We are not advocating any one model. For example...

  • Professor Steven Berg of Schoolcraft, a community college in Livonia, Michigan, is leading the Ocelot Scholars #FutureEd project.
  • In Europe, the Coimbra Group (GC) Association of 40 European Universities is hosting a video seminar series "eLearning and eTechnology Taskforce."
  • And I’m involved in a complicated range of experiments (see infographic below) both in a graduate class at Duke University and in partnering with Profs Christopher Newfield at University of California Santa Barbara and David Palumbo-Liu at Stanford. We are teaching at the same time, creating listservs for our students to communicate across institutions, teaching some of the same texts, and arranging Google Hangouts for our students and a larger public.

 

My onsite students will also be learning by doing, acting as “community wranglers” in the MOOC where, each week, they will participate in online and face-to-face dialogue about what they are reading, thinking, and making. They will also work in teams to “Design Higher Ed from Scratch,” coming up with four or five models of extremely diverse kinds of post-secondary learning, and disseminating those for feedback and amplification to the largest possible audience, including in the MOOC.

I don’t know if legislatures and VC’s will be rushing at us with open pocketbooks to fund our ideas, but I do know that students, parents, and the general public will welcome productive, thoughtful, reflective change on the part of dedicated educators and future-looking students. 

With that sentiment in mind, I want to conclude by dispelling a myth of the so-called MOOC era. 

It is commonplace for would-be educational reformers to say higher education hasn’t changed in 2000 years, since the Greek Academy.
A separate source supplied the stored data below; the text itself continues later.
Lemma cV_neq0P x : reflect (exists j, x j 0 != 0) (x != 0).
Proof.
apply: (iffP idP) => [x_neq0 | [j]]; last by apply: contraNneq => ->; rewrite mxE.
apply/existsP; apply: contraNT x_neq0 => /existsPn x0.
by apply/eqP/matrixP => i k; rewrite ord1 mxE; apply/eqP/negbNE/x0.
Qed.

Lemma disjoint_support_indep x y a b :
  (forall j, x j 0 != 0 -> y j 0 = 0) -> x != 0 -> y != 0 ->
  a *: x + b *: y = 0 -> a = 0 /\ b = 0.
Proof.
move=> disj /cV_neq0P[j xj] /cV_neq0P[k yk] /matrixP comb0.
have coord i : a * x i 0 + b * y i 0 = 0 by move: (comb0 i 0); rewrite !mxE.
have xk : x k 0 = 0 by apply: contraNeq yk => /disj ->.
move: (coord j) (coord k); rewrite disj // xk !mulr0 addr0 add0r.
by move=> /eqP; rewrite mulf_eq0 (negbTE xj) orbF => /eqP ->
   /eqP; rewrite mulf_eq0 (negbTE yk) orbF => /eqP ->.
Qed.

(* [bil z z = v_x (v_x v_y - c^2)] for [z = c x - v_x y], and [z != 0] by
   independence. *)
Lemma bil_sqr_lt S x y :
  sym_posdef S -> (forall a b, a *: x + b *: y = 0 -> a = 0 /\ b = 0) ->
  bil S x y ^+ 2 < bil S x x * bil S y y.
Proof.
move=> [symS posS] indep.
have x_neq0 : x != 0.
  apply/eqP=> x0; have [/eqP] : 1 = 0 :> R /\ 0 = 0 :> R.
    by apply: indep; rewrite x0 scaler0 scale0r addr0.
  by rewrite oner_eq0.
have vx_gt0 : 0 < bil S x x by exact: posS.
have z_neq0 : bil S x y *: x + (- bil S x x) *: y != 0.
  by apply/eqP => /indep[_ /eqP]; rewrite oppr_eq0 gt_eqF.
have := posS _ z_neq0; rewrite -/(bil S _ _).
rewrite !bilDl !bilDr !bilZl !bilZr [bil S y x]bilC // => gram_gt0.
have : 0 < bil S x x * (bil S x x * bil S y y - bil S x y ^+ 2) by nra.
by rewrite pmulr_rgt0 // subr_gt0.
Qed.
That’s wrong.

Notably, the period between roughly 1865 and 1925 saw a crisis in confidence around the purpose of higher education for the industrial world, and, in response, educators came up with many of the innovations that we now think of as the apparatus of higher education: electives, requirements, majors and minors, semesters, divisions, land grant universities, professional schools, graduate schools, correspondence schools, IQ tests, multiple choice tests, grades, class ranking, school rankings, productivity metrics, modern statistical analysis, tenure, and much more.

Transforming education for our age is less about knocking Socrates off his pedestal than knocking a bit of the stuffing out of Frederick Winslow Taylor and his ideas of scientific labor management—and its learning equivalents.

If ever Taylorism was a good model for learning (and, personally, I have my doubts), it is certainly not a very good way to train independent, connected ways of thinking in an era when anyone with access to the Internet can communicate anything, instantaneously, to anyone else with access to the Internet.

That is a new human capacity.

We need to rethinking the best forms of learning for this tremendous opportunity and enormous responsibility. That’s what #FutureEd is about. We hope you’ll join us! 

Cathy N. Davidson is the John Hope Franklin Humanities Institute Professor of Interdisciplinary Studies and Ruth F. DeVarney Professor of English at Duke University. She is also Co-Director, PhD Lab in Digital Knowledge at Duke and Co-Founder, HASTAC (hastac.org).